なぜこのような実況放送に夢中になられたのか、松岡先生ご自身も覚えていらっしゃらないらしい。しかしながら、これはただの「フリ」のような代償行為とは違い、「世界の進行」に関わる遊びであるとおっしゃる。これを読みながら、私も自分のままごとに夢中になったことを思い出した。奈良の田舎で育ったので、近所の空き地に流れる小川の近くに基地を作り、友達と自分だけのキッチンを作った子供時代を思い出した。

「遊ぶ自己と遊ばない自己」松岡正剛
『G-TEN』第19号 「特集 陽気・遊び」昭和62年5月26日発行

「限界の自由をめぐって」

「限界」とは何か。松岡先生は『G-TEN』第35号で以下のように定義している。

界を限るということ、すなわち「限界」ということは、ふつうは何かを狭めているばあいにつかわれる。ところが界を限ることがかえって界を広げることにもなるもので、もし限界という観念をつかうことなく世界にあたろうとすれば逆に何もはじまらないということになりかねない。何もはじまらないというだけではない。無限とか無際限という観念は、下手をすればとたんに恐怖にすら転位する。・・・限界することこそが、神秘に近づく最短距離だったのである。ついでながらわが国では、すでに道元の「有事」の概念によって、空間の側からではなく時間の側からの無際限の批判が行われている。

しかし、私が「限界の自由」について最初に気がついたのは、そんな大それたことを考えているときではなく、絵画作品にタブロー(枠)があるということが、すべての絵画の自由を支えているということに思いあたったときだった。・・・

限界の手法とは、「あえて狭めてかえって広くする」という方法である。節穴から大空を見る方法だ。(『G-TEN』 No.35 特集自由・自在 P36)
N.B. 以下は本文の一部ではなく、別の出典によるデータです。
(* Fix $b\in\mathbb{N}$. Any $b$-pattern $P$ consisting of crosses and exactly one circle is realizable in $L=\mathbb{N}\times\mathbb{N}$. Consequently, the graph $G_b$ is not connected.
   Context: For $r,s\in\mathbb{N}$, $\gcd_b(r,s)=\max\{k\in\mathbb{N} : k\mid r \text{ and } k^b\mid s\}$; a point $(r,s)\in L$ is $b$-visible if $\gcd_b(r,s)=1$ and $b$-invisible otherwise. A $b$-pattern $P$ is obtained by choosing a positive integer $w$ and assigning to each $(r,s)\in L$ with $1\le r\le w$, $1\le s\le w^b$ either a cross, a circle, or neither. $P$ is realizable in $L$ if there is $(u,v)\in L$ such that $(u+r,v+s)$ is $b$-visible for every circle $(r,s)$ of $P$ and $b$-invisible for every cross $(r,s)$ of $P$. The graph $G_b$ has as vertices the $b$-visible points of $L$, with an edge between two such points whenever their Euclidean distance is $1$. *)

From mathcomp Require Import all_boot.
Set Implicit Arguments. Unset Strict Implicit. Unset Printing Implicit Defensive.

(* Convention: N = {1,2,3,...}; L = N x N, represented by pairs of nats
   with both coordinates positive. *)

(* gcd_b(r,s) = max { k in N : k | r and k^b | s }  (for r >= 1 every such k
   is <= r, and k = 1 always qualifies). *)
Definition gcdb (b r s : nat) : nat :=
  \max_(k < r.+1 | (0 < k) && (k %| r) && (k ^ b %| s)) k.

Definition bvisible (b r s : nat) : bool := gcdb b r s == 1.

Definition inL (p : nat * nat) : bool := (0 < p.1) && (0 < p.2).

(* A b-pattern of width w: each (r,s) with 1<=r<=w, 1<=s<=w^b gets
   Some true (circle), Some false (cross) or None (neither).
   Values outside the box are irrelevant. *)
Definition pattern := nat -> nat -> option bool.

Definition in_box (b w r s : nat) : Prop :=
  1 <= r <= w /\ 1 <= s <= w ^ b.

Definition realizable (b w : nat) (P : pattern) : Prop :=
  exists u v : nat, inL (u, v) /\
    forall r s, in_box b w r s ->
      (P r s = Some true -> bvisible b (u + r) (v + s)) /\
      (P r s = Some false -> ~~ bvisible b (u + r) (v + s)).

(* P consists of crosses and exactly one circle (other points may be
   crosses or unmarked). *)
Definition crosses_and_one_circle (b w : nat) (P : pattern) : Prop :=
  (exists r0 s0, in_box b w r0 s0 /\ P r0 s0 = Some true) /\
  (forall r s r' s', in_box b w r s -> in_box b w r' s' ->
     P r s = Some true -> P r' s' = Some true -> r = r' /\ s = s').

Definition Gb_vertex (b : nat) (p : nat * nat) : bool :=
  inL p && bvisible b p.1 p.2.

Definition unit_dist (p q : nat * nat) : bool :=
  ((p.1 == q.1) && ((p.2 == q.2.+1) || (q.2 == p.2.+1))) ||
  ((p.2 == q.2) && ((p.1 == q.1.+1) || (q.1 == p.1.+1))).

Definition Gb_edge (b : nat) : rel (nat * nat) :=
  fun p q => [&& Gb_vertex b p, Gb_vertex b q & unit_dist p q].

Definition Gb_connected (b : nat) : Prop :=
  forall p q, Gb_vertex b p -> Gb_vertex b q ->
    exists s : seq (nat * nat), path (Gb_edge b) p s /\ last p s = q.

(* Let K bound the coordinates of the box.  The crosses are handled one at a time: if M
   is the product of the moduli used so far, the next cross c gets the modulus
   k = K`! * M + 1, and the Chinese remainder theorem moves (u, v) so that k divides
   u + c.1 and k ^ b divides v + c.2, without disturbing u mod M and v mod M ^ b.
   Every divisor > 1 of k exceeds K, while the circle differs from c by at most K in
   some coordinate, so no such modulus shares a factor with both of its coordinates.
   A last CRT step on v makes the circle's coordinates coprime outright.
   Realizing the 3 x 3 pattern whose only circle is the centre gives a visible point
   with four invisible neighbours, cut off from (1, 1). *)

From mathcomp Require Import all_boot zify.

Set Implicit Arguments.
Unset Strict Implicit.
Unset Printing Implicit Defensive.

Lemma bvisibleP b x y : 0 < x ->
  reflect (forall k, 1 < k -> k %| x -> k ^ b %| y -> False) (bvisible b x y).
Proof.
move=> x_gt0; rewrite /bvisible /gcdb.
have le_gcdb k : 0 < k -> k %| x -> k ^ b %| y ->
    k <= \max_(i < x.+1 | (0 < i) && (i %| x) && (i ^ b %| y)) i.
  move=> k_gt0 kx ky; have k_lt : k < x.+1 by rewrite ltnS dvdn_leq.
  by apply: (@leq_bigmax_cond _ _ _ (Ordinal k_lt)); rewrite /= k_gt0 kx ky.
apply: (iffP eqP) => [gcdb1 k k_gt1 kx ky | noK].
  by have := le_gcdb k (ltnW k_gt1) kx ky; rewrite gcdb1 leqNgt k_gt1.
apply/eqP; rewrite eqn_leq le_gcdb ?dvd1n ?exp1n // andbT.
apply/bigmax_leqP => i /andP[/andP[_ ix] iy].
by rewrite leqNgt; apply/negP => i_gt1; apply: noK i_gt1 ix iy.
Qed.

Lemma bvisibleN b x y k : 0 < x -> 1 < k -> k %| x -> k ^ b %| y ->
  ~~ bvisible b x y.
Proof. by move=> x_gt0 k_gt1 kx ky; apply/(bvisibleP _ _ x_gt0) => /(_ k k_gt1 kx ky). Qed.

Lemma coprime_bvisible b x y : 0 < b -> 0 < x -> coprime x y -> bvisible b x y.
Proof.
move=> b_gt0 x_gt0 co; apply/bvisibleP => // k k_gt1 kx kby.
have ky : k %| y by apply: dvdn_trans kby; apply: dvdn_exp.
by move: (dvdn_gcd k x y); rewrite kx ky (eqP co) dvdn1 => /eqP k1; rewrite k1 in k_gt1.
Qed.

Lemma eqmodDr c m x y : x = y %[mod m] -> x + c = y + c %[mod m].
Proof. by move=> e; rewrite -modnDml e modnDml. Qed.

Lemma eqmod_dvd d m x y : d %| m -> x = y %[mod m] -> x = y %[mod d].
Proof. by move=> dm e; rewrite -(modn_dvdm x dm) e modn_dvdm. Qed.

Lemma dvdn_eqmodD d m x y c : d %| m -> x = y %[mod m] ->
  (d %| x + c) = (d %| y + c).
Proof. by move=> dm /(eqmodDr c)/(eqmod_dvd dm); rewrite /dvdn => ->. Qed.

Lemma coprime_gcdn_eqmod M x x' y y' : x = x' %[mod M] -> y = y' %[mod M] ->
  coprime M (gcdn x y) = coprime M (gcdn x' y').
Proof.
have gcdE z t : gcdn M (gcdn z t) = gcdn (gcdn M (z %% M)) (gcdn M (t %% M)).
  by rewrite !gcdn_modr -gcdnACA gcdnn.
by rewrite /coprime !gcdE => -> ->.
Qed.

Lemma dvdn_pred_mulD k r : 0 < k -> k %| k.-1 * r + r.
Proof. by move=> k_gt0; rewrite -mulSnr prednK ?dvdn_mulr. Qed.

Lemma coprime_fact_succ K M n : 0 < n <= K -> coprime (K`! * M + 1) n.
Proof.
move=> n_range; have /(dvdn_mulr M) nKM := dvdn_fact n_range.
by rewrite coprime_sym /coprime -(divnK nKM) gcdnMDl gcdn1.
Qed.

Lemma fact_succ_shift_eq1 K M d x a a' :
  d %| K`! * M + 1 -> d %| x + a -> d %| x + a' -> a != a' -> a <= K -> a' <= K ->
  d = 1.
Proof.
move=> dk.
wlog lt_aa' : a a' / a < a' => [wlog da da' neq aK a'K | da da' _ _ a'K].
  case: (ltngtP a a') => [lt | gt | eq]; first exact: (wlog a a').
    by apply: (wlog a' a); rewrite // eq_sym.
  by rewrite eq eqxx in neq.
have d_diff : d %| a' - a by rewrite -(subnDl x) dvdn_sub.
have co : coprime (K`! * M + 1) (a' - a).
  by apply: coprime_fact_succ; rewrite subn_gt0 lt_aa' (leq_trans (leq_subr _ _)).
by apply/eqP; rewrite -dvdn1 -(eqP co) dvdn_gcd dk d_diff.
Qed.

Definition invisible_mod b M u v (c : nat * nat) : Prop :=
  exists k, [/\ 1 < k, k %| M, k %| u + c.1 & k ^ b %| v + c.2].

Lemma invisible_mod_congr b M M' u u' v v' c : M %| M' ->
  u' = u %[mod M] -> v' = v %[mod M ^ b] ->
  invisible_mod b M u v c -> invisible_mod b M' u' v' c.
Proof.
move=> MM' eu ev [k [k_gt1 kM ku kv]]; exists k; split => //.
- exact: dvdn_trans kM MM'.
- by rewrite (dvdn_eqmodD _ kM eu).
- by rewrite (dvdn_eqmodD _ (dvdn_exp2r b kM) ev).
Qed.

Lemma invisible_mod_bvisibleN b M u v c : 0 < u + c.1 ->
  invisible_mod b M u v c -> ~~ bvisible b (u + c.1) (v + c.2).
Proof. by move=> pos [k [k_gt1 _ ku kv]]; apply: bvisibleN ku kv. Qed.

Section Crosses.

Variables b r0 s0 K : nat.
Hypotheses (b_gt0 : 0 < b) (r0K : r0 <= K) (s0K : s0 <= K).

(* The modulus K`! * M + 1 is coprime to M and has no divisor in 2..K, so it cannot
   divide both coordinates of the circle, which differs from (r, s) by at most K. *)
Lemma add_cross M u v r s : 0 < M -> (r, s) != (r0, s0) -> r <= K -> s <= K ->
  coprime M (gcdn (u + r0) (v + s0)) ->
  exists u' v', [/\ u' = u %[mod M], v' = v %[mod M ^ b],
    invisible_mod b (K`! * M + 1) u' v' (r, s) &
    coprime (M * (K`! * M + 1)) (gcdn (u' + r0) (v' + s0))].
Proof.
move=> M_gt0 neq rK sK co; set k := K`! * M + 1.
have k_gt0 : 0 < k by rewrite /k addn1.
have coMk : coprime M k by rewrite /coprime /k gcdnMDl gcdn1.
have coMkb : coprime (M ^ b) (k ^ b) by rewrite coprimeXl ?coprimeXr.
pose u' := chinese M k u (k.-1 * r).
pose v' := chinese (M ^ b) (k ^ b) v ((k ^ b).-1 * s).
have ku : k %| u' + r.
  by rewrite (dvdn_eqmodD r (dvdnn k) (chinese_modr coMk _ _)) dvdn_pred_mulD.
have kbv : k ^ b %| v' + s.
  rewrite (dvdn_eqmodD s (dvdnn _) (chinese_modr coMkb _ _)).
  by rewrite dvdn_pred_mulD ?expn_gt0 ?k_gt0.
have kv : k %| v' + s by apply: dvdn_trans kbv; apply: dvdn_exp.
have ev : v' = v %[mod M ^ b] by apply: chinese_modl.
exists u', v'; split => //; first exact: chinese_modl.
  by exists k; split; rewrite // /k addn1 ltnS muln_gt0 fact_gt0.
rewrite coprimeMl; apply/andP; split.
  have ev_M : v' = v %[mod M] by apply: eqmod_dvd ev; apply: dvdn_exp.
  by rewrite (coprime_gcdn_eqmod (eqmodDr r0 (chinese_modl coMk _ _)) (eqmodDr s0 ev_M)).
set g := gcdn _ _; have dk := dvdn_gcdl k g; have dg := dvdn_gcdr k g.
apply/eqP; move: neq; rewrite xpair_eqE negb_and => /orP[neq | neq].
  apply: (fact_succ_shift_eq1 dk (dvdn_trans dg (dvdn_gcdl _ _)) _ _ r0K rK).
    by apply: dvdn_trans dk ku.
  by rewrite eq_sym.
apply: (fact_succ_shift_eq1 dk (dvdn_trans dg (dvdn_gcdr _ _)) _ _ s0K sK).
  by apply: dvdn_trans dk kv.
by rewrite eq_sym.
Qed.

Lemma realize_crosses (cs : seq (nat * nat)) :
  {in cs, forall c, [/\ c != (r0, s0), c.1 <= K & c.2 <= K]} ->
  exists u v M, [/\ 0 < M, coprime M (gcdn (u + r0) (v + s0)) &
    {in cs, forall c, invisible_mod b M u v c}].
Proof.
elim: cs => [|[r s] cs IH] cs_ok.
  by exists 0, 0, 1; rewrite coprime1n.
have [|u [v [M [M_gt0 co inv]]]] := IH.
  by move=> c c_cs; apply: cs_ok; rewrite inE c_cs orbT.
have [neq rK sK] := cs_ok (r, s) (mem_head _ _).
have [u' [v' [eu ev inv_rs co']]] := add_cross M_gt0 neq rK sK co.
exists u', v', (M * (K`! * M + 1)); split => //; first by rewrite muln_gt0 M_gt0 addn1.
move=> c; rewrite inE => /orP[/eqP -> | c_cs].
  exact: invisible_mod_congr (dvdn_mull _ (dvdnn _)) erefl erefl inv_rs.
exact: invisible_mod_congr (dvdn_mulr _ (dvdnn _)) eu ev (inv c c_cs).
Qed.

End Crosses.

(* Common factors of A and v + c avoid \pi(M), so making v + c = 1 modulo the
   \pi(M)'-part of A removes them without changing v modulo M ^ e. *)
Lemma coprime_eqmod_lift A M e v c : 0 < A -> 0 < M -> 0 < e ->
  coprime M (gcdn A (v + c)) ->
  exists v', [/\ 0 < v', v' = v %[mod M ^ e] & coprime A (v' + c)].
Proof.
move=> A_gt0 M_gt0 e_gt0 co.
set A' := A`_(\pi(M))^'.
have A'_gt0 : 0 < A' by apply: part_gt0.
have coMA' : coprime (M ^ e) A'.
  by rewrite coprime_pexpl // (pnat_coprime (pnat_pi M_gt0) (part_pnat _ _)).
pose v' := chinese (M ^ e) A' v (A'.-1 * c).+1 + M ^ e * A'.
have ev : v' = v %[mod M ^ e] by rewrite /v' addnC mulnC modnMDl chinese_modl.
have ev' : v' = (A'.-1 * c).+1 %[mod A'] by rewrite /v' addnC modnMDl chinese_modr.
exists v'; split => //; first by rewrite addn_gt0 muln_gt0 expn_gt0 M_gt0 A'_gt0 orbT.
set g := gcdn A (v' + c).
have coMg : coprime M g.
  rewrite (coprime_gcdn_eqmod (x' := A) (y' := v + c)) //.
  by apply/eqmodDr/(eqmod_dvd _ ev)/dvdn_exp.
have gA' : g %| A'.
  have g_gt0 : 0 < g by rewrite gcdn_gt0 A_gt0.
  have pi'g : (\pi(M))^'.-nat g by rewrite -coprime_pi'.
  by rewrite -(part_pnat_id pi'g) partn_dvd ?dvdn_gcdl.
have := dvdn_gcdr A (v' + c); rewrite -/g (dvdn_eqmodD c gA' ev').
by rewrite addSn -mulSnr prednK // -addn1 dvdn_addr ?dvdn_mulr // dvdn1.
Qed.

Lemma one_circle_realizable b w P : 0 < b ->
  crosses_and_one_circle b w P -> realizable b w P.
Proof.
move=> b_gt0 [[r0 [s0 [box0 P0]]] one_circle].
have [/andP[r0_gt0 r0w] /andP[s0_gt0 s0w]] := box0.
set K := w + w ^ b.
set cs := [seq c <- [seq (r, s) | r <- iota 1 w, s <- iota 1 (w ^ b)] | c != (r0, s0)].
have cs_ok : {in cs, forall c, [/\ c != (r0, s0), c.1 <= K & c.2 <= K]}.
  move=> c; rewrite mem_filter => /andP[neq /allpairsP[[r s] /= [hr hs c_rs]]].
  by subst c; move: hr hs; rewrite !mem_iota /K => hr hs; split => //=; lia.
have r0K : r0 <= K by rewrite /K; lia.
have s0K : s0 <= K by rewrite /K; lia.
have [u [v [M [M_gt0 co inv]]]] := realize_crosses b_gt0 r0K s0K cs_ok.
have eu : u + M = u %[mod M] by apply: modnDr.
have A_gt0 : 0 < u + M + r0 by rewrite addn_gt0 r0_gt0 orbT.
have coM : coprime M (gcdn (u + M + r0) (v + s0)).
  by rewrite (coprime_gcdn_eqmod (y' := v + s0) (eqmodDr r0 eu)).
have [v' [v'_gt0 ev co']] := coprime_eqmod_lift A_gt0 M_gt0 b_gt0 coM.
exists (u + M), v'; split; first by rewrite /inL /= addn_gt0 M_gt0 orbT.
move=> r s rs_box; split=> Prs.
  have [-> ->] := one_circle _ _ _ _ rs_box box0 Prs P0.
  by apply: coprime_bvisible; rewrite // addn_gt0 r0_gt0 orbT.
have [/andP[r_gt0 rw] /andP[s_gt0 sw]] := rs_box.
have rs_cs : (r, s) \in cs.
  rewrite mem_filter; apply/andP; split.
    by apply/negP => /eqP[er es]; rewrite er es P0 in Prs.
  by apply/allpairsP; exists (r, s); rewrite !mem_iota; split => //=; lia.
apply: (@invisible_mod_bvisibleN b M (u + M) v' (r, s)).
  by rewrite /= addn_gt0 r_gt0 orbT.
exact: invisible_mod_congr (dvdnn M) eu ev (inv _ rs_cs).
Qed.

Lemma Gb_vertex11 b : Gb_vertex b (1, 1).
Proof.
apply/andP; split => //; apply/bvisibleP => // k k_gt1 /dvdn_leq.
by move=> /(_ isT); rewrite leqNgt k_gt1.
Qed.

Lemma isolated_not_Gb_connected b p : Gb_vertex b p -> p != (1, 1) ->
  (forall q, unit_dist p q -> ~~ Gb_vertex b q) -> ~ Gb_connected b.
Proof.
move=> vp p_ne11 isolated /(_ p (1, 1) vp (Gb_vertex11 b)) [[|q s] /= [path_pq last_pq]].
  by rewrite last_pq eqxx in p_ne11.
by move: path_pq => /andP[/and3P[_ vq /isolated]]; rewrite vq.
Qed.

Lemma unit_dist_centre u v q : unit_dist (u + 2, v + 2) q ->
  exists r s, [/\ 0 < r <= 3, 0 < s <= 3, (r, s) != (2, 2) & q = (u + r, v + s)].
Proof.
case: q => x y; rewrite /unit_dist /= => /orP[] /andP[/eqP ex /orP[] /eqP ey].
- by exists 2, 1; split => //; congr pair; lia.
- by exists 2, 3; split => //; congr pair; lia.
- by exists 1, 2; split => //; congr pair; lia.
- by exists 3, 2; split => //; congr pair; lia.
Qed.

Lemma in_box3 b r s : 0 < b -> 0 < r <= 3 -> 0 < s <= 3 -> in_box b 3 r s.
Proof.
move=> b_gt0 hr /andP[s_gt0 s3]; split => //.
by rewrite s_gt0 (leq_trans s3) // -{1}(expn1 3) leq_pexp2l.
Qed.

Definition centre_pattern : pattern := fun r s => Some ((r == 2) && (s == 2)).

Lemma centre_pattern_one_circle b : 0 < b -> crosses_and_one_circle b 3 centre_pattern.
Proof.
move=> b_gt0; split; first by exists 2, 2; split; first exact: in_box3.
by move=> r s r' s' _ _ [] /andP[/eqP -> /eqP ->] [] /andP[/eqP -> /eqP ->].
Qed.

Theorem mainTheorem8 (b : nat) (hb : 0 < b) :
  (forall (w : nat) (P : pattern), 0 < w ->
     crosses_and_one_circle b w P -> realizable b w P) /\
  ~ Gb_connected b.
Proof.
split=> [w P _ | ]; first exact: one_circle_realizable.
have [u [v [_ realized]]] := one_circle_realizable hb (centre_pattern_one_circle hb).
have centre r s : 0 < r <= 3 -> 0 < s <= 3 ->
    bvisible b (u + r) (v + s) = (r == 2) && (s == 2).
  move=> hr hs; have [] := realized r s (in_box3 hb hr hs); rewrite /centre_pattern.
  by case: (_ && _) => [/(_ erefl) -> | _ /(_ erefl)/negbTE].
apply: (@isolated_not_Gb_connected b (u + 2, v + 2)).
- by rewrite /Gb_vertex /inL /= !addn_gt0 !orbT centre.
- by apply/eqP => -[]; lia.
- move=> q /unit_dist_centre[r [s [hr hs rs_ne ->]]].
  by rewrite /Gb_vertex /= centre // -xpair_eqE (negbTE rs_ne) andbF.
Qed.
かつて、松岡先生は「数学的自由」という言葉を創られたことがある。数学史および数学者の存在学的研究をしていた頃に用いられた言葉である。その意図を一般化して言うと、松岡先生によれば、

限定的思考の自由は、無限定的な思考の自由を超えることがある

というところにあると述べておられる。限界があった方が自由になれるのか、30数年前のエッセイだが、今改めて拝読してみて新鮮に感じる。

「限界の自由をめぐって」松岡正剛
『G-TEN』第35号 「特集 自由・自在」 昭和63年10月26日発行

松岡先生は、家で二匹の犬を飼っていらっしゃったらしい。甲斐犬とシーズー犬で、その名前はオモチャとリボンである。オモチャは弱虫の気配り犬、リボンは可憐だが勝気な小型犬である。松岡先生が寺田寅彦になったつもりで彼らを観察していると、さまざまな「発見」があったらしい。そのオモチャとリボンが教えてくれたことの大半が、考えれば考えるほどに「自由」と結びついていたとおっしゃる。さらに、猫も七匹から八匹いたそうである。寅彦や漱石のように観察を続けていても、「自由」を語るには残念ながら役に立たない。猫は極端に「不自由」を嫌うからだ。先生の観察によると、飼い主が行く先々にオモチャとリボンも自分も同じように行けるということが最大の「自由」になっているようだということである。

「神秘と恋情」

『G-TEN』第50号「特集『神秘』考」でも、松岡先生の犬が登場する。先生の飼っている犬のオモチャとリボンは、先生の動作の意味の大半を理解していたらしい。犬に何かを伝えようとするときや外出しようとするときはもちろん、先生の気分や健康状態なども察知していたとのこと。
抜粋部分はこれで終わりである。